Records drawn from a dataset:
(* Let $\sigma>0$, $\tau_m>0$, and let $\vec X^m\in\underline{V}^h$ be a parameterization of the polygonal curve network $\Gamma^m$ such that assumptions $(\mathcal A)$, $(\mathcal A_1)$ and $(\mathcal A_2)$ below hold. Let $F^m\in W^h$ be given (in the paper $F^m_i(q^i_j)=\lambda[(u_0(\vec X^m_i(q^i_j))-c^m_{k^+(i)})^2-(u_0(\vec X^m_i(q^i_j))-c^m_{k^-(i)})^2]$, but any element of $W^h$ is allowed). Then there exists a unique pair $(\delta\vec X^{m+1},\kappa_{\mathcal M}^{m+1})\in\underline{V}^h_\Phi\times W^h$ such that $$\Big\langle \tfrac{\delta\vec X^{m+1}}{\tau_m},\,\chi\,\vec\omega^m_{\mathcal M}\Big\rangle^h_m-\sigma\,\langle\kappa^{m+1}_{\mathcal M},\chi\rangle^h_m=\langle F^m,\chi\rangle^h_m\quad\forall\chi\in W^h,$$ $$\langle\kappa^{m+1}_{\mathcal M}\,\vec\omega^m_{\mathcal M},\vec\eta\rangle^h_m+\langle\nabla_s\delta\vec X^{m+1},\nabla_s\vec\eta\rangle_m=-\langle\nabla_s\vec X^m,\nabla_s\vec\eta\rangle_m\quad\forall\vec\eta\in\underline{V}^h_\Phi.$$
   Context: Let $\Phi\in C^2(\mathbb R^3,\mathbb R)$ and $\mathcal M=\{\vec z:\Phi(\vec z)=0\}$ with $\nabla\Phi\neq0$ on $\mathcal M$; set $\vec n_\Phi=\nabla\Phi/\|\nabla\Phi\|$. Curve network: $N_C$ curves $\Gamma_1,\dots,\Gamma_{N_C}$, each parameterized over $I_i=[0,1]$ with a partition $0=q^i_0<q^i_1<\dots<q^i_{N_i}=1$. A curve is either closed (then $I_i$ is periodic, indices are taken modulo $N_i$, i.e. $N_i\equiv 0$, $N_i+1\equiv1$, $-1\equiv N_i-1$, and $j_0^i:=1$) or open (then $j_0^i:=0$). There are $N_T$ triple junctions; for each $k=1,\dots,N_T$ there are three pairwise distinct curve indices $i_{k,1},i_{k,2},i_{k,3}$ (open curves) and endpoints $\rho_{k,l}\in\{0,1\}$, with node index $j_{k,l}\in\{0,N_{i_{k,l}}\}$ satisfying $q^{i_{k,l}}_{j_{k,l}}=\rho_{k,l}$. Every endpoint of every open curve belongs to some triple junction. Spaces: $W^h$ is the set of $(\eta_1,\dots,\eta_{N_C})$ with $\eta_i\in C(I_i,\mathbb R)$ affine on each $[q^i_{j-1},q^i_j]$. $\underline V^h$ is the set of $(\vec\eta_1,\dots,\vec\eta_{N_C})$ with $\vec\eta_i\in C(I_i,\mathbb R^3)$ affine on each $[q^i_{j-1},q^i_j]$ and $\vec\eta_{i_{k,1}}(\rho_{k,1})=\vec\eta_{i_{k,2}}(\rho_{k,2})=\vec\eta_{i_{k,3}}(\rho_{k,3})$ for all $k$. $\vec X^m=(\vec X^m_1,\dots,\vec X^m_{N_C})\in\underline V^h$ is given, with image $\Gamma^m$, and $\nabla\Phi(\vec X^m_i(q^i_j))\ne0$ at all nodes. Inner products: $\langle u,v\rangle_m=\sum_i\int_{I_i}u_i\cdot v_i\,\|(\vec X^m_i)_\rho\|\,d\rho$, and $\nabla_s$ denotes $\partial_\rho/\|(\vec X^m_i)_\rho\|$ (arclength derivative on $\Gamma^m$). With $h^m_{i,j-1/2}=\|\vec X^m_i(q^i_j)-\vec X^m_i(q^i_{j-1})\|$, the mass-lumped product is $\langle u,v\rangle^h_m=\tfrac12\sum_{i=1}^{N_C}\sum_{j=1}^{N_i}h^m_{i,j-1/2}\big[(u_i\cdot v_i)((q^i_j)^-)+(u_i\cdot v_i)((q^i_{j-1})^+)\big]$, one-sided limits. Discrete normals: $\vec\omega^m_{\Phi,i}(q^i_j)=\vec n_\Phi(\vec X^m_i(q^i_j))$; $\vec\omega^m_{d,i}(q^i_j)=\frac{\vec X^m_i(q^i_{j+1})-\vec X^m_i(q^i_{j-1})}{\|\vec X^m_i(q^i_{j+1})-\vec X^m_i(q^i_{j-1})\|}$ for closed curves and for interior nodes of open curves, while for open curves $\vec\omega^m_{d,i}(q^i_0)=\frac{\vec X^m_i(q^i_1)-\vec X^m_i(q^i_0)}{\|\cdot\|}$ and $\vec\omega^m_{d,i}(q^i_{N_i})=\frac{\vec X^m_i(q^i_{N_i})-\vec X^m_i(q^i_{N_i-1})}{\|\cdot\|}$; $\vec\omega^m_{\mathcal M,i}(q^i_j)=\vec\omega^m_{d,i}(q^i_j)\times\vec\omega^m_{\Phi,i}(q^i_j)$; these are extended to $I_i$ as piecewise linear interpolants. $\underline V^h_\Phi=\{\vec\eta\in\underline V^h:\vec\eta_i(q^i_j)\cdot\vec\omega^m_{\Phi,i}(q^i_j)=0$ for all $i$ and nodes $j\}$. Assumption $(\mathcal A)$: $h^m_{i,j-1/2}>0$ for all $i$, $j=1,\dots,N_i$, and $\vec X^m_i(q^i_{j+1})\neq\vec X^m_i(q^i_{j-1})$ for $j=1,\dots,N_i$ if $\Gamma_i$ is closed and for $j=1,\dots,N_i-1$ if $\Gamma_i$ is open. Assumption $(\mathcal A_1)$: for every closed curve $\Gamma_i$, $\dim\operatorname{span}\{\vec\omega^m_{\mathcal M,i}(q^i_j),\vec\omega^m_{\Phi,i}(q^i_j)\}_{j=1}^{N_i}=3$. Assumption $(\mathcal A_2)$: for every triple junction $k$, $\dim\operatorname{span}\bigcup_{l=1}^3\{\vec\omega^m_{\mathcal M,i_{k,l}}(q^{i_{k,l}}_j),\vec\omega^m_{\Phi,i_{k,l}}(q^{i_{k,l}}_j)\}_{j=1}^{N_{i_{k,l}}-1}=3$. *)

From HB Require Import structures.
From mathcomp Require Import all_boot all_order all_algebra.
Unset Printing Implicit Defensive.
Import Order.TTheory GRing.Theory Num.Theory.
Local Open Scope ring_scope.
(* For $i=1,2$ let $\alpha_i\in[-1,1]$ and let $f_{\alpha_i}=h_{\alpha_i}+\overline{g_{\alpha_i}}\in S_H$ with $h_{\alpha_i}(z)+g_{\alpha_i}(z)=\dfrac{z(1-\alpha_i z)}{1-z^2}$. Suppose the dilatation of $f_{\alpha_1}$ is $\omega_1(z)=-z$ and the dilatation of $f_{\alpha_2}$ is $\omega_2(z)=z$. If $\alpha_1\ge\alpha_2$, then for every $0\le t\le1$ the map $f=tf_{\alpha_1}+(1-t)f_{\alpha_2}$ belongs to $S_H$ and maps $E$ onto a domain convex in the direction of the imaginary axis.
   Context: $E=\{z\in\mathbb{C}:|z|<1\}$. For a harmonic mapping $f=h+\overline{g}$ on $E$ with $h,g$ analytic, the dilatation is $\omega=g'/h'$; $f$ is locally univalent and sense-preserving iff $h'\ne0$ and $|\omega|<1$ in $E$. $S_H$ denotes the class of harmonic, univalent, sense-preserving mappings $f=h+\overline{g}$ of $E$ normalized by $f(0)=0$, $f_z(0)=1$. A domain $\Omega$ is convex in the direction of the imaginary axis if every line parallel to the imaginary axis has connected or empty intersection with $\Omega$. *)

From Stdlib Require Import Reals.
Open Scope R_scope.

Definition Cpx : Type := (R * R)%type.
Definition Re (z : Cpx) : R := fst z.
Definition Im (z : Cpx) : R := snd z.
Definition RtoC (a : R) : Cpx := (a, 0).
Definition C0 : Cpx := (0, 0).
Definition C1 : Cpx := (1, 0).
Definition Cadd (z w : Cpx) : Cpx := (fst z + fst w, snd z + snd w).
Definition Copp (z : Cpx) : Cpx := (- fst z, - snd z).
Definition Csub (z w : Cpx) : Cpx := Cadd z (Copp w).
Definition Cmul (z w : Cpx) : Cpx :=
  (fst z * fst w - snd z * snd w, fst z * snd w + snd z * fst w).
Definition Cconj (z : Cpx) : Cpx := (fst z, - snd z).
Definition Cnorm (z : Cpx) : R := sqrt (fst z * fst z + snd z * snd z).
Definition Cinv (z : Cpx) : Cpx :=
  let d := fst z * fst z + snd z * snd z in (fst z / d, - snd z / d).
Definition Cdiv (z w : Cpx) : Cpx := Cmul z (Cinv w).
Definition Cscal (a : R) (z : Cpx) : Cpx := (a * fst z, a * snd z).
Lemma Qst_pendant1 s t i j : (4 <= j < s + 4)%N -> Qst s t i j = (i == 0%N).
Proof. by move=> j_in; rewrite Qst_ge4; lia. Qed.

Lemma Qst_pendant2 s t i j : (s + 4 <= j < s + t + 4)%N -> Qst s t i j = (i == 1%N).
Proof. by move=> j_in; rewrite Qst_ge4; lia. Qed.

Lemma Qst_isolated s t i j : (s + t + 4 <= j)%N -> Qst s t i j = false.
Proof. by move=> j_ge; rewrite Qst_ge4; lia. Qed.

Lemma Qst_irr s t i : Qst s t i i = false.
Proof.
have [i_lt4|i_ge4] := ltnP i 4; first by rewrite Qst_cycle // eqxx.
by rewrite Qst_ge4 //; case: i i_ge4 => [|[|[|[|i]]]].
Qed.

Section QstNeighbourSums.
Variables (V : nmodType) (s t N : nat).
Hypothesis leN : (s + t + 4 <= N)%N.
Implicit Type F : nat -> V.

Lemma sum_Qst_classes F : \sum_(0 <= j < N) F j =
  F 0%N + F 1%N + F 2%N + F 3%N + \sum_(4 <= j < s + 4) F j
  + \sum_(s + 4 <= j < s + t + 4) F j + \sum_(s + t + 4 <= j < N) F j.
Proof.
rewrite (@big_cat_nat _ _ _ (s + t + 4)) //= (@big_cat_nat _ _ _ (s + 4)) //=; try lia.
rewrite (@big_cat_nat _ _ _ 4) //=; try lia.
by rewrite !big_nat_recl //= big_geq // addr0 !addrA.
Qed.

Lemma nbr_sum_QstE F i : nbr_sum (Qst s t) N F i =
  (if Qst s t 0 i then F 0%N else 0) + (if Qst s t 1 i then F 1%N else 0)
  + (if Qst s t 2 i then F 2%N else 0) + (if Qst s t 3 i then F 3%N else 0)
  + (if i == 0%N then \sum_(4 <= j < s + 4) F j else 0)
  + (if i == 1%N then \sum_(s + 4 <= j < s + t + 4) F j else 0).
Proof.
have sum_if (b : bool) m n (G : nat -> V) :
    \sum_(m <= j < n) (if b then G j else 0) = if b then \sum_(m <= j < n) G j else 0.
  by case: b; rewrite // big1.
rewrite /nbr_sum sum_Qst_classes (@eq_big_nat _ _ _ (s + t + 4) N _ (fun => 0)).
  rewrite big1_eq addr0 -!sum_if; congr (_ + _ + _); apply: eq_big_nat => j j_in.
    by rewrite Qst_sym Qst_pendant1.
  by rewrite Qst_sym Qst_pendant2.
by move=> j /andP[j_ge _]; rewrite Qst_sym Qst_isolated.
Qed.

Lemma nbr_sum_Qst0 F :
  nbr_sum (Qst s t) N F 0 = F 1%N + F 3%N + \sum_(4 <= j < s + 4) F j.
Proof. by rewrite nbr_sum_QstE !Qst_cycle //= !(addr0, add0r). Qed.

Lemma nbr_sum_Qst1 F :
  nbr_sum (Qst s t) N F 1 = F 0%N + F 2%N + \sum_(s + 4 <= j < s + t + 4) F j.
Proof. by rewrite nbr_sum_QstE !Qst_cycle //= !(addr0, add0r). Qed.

EXERCISE REQUIREMENTS: Could you transcribe the entries above word for word, from the line with "Definition Re (z : Cpx) : R := fst z." down to the line with "Definition Cnorm (z", keeping both?

ANSWER BELOW:
Definition Re (z : Cpx) : R := fst z.
Definition Im (z : Cpx) : R := snd z.
Definition RtoC (a : R) : Cpx := (a, 0).
Definition C0 : Cpx := (0, 0).
Definition C1 : Cpx := (1, 0).
Definition Cadd (z w : Cpx) : Cpx := (fst z + fst w, snd z + snd w).
Definition Copp (z : Cpx) : Cpx := (- fst z, - snd z).
Definition Csub (z w : Cpx) : Cpx := Cadd z (Copp w).
Definition Cmul (z w : Cpx) : Cpx :=
  (fst z * fst w - snd z * snd w, fst z * snd w + snd z * fst w).
Definition Cconj (z : Cpx) : Cpx := (fst z, - snd z).
Definition Cnorm (z : Cpx) : R := sqrt (fst z * fst z + snd z * snd z).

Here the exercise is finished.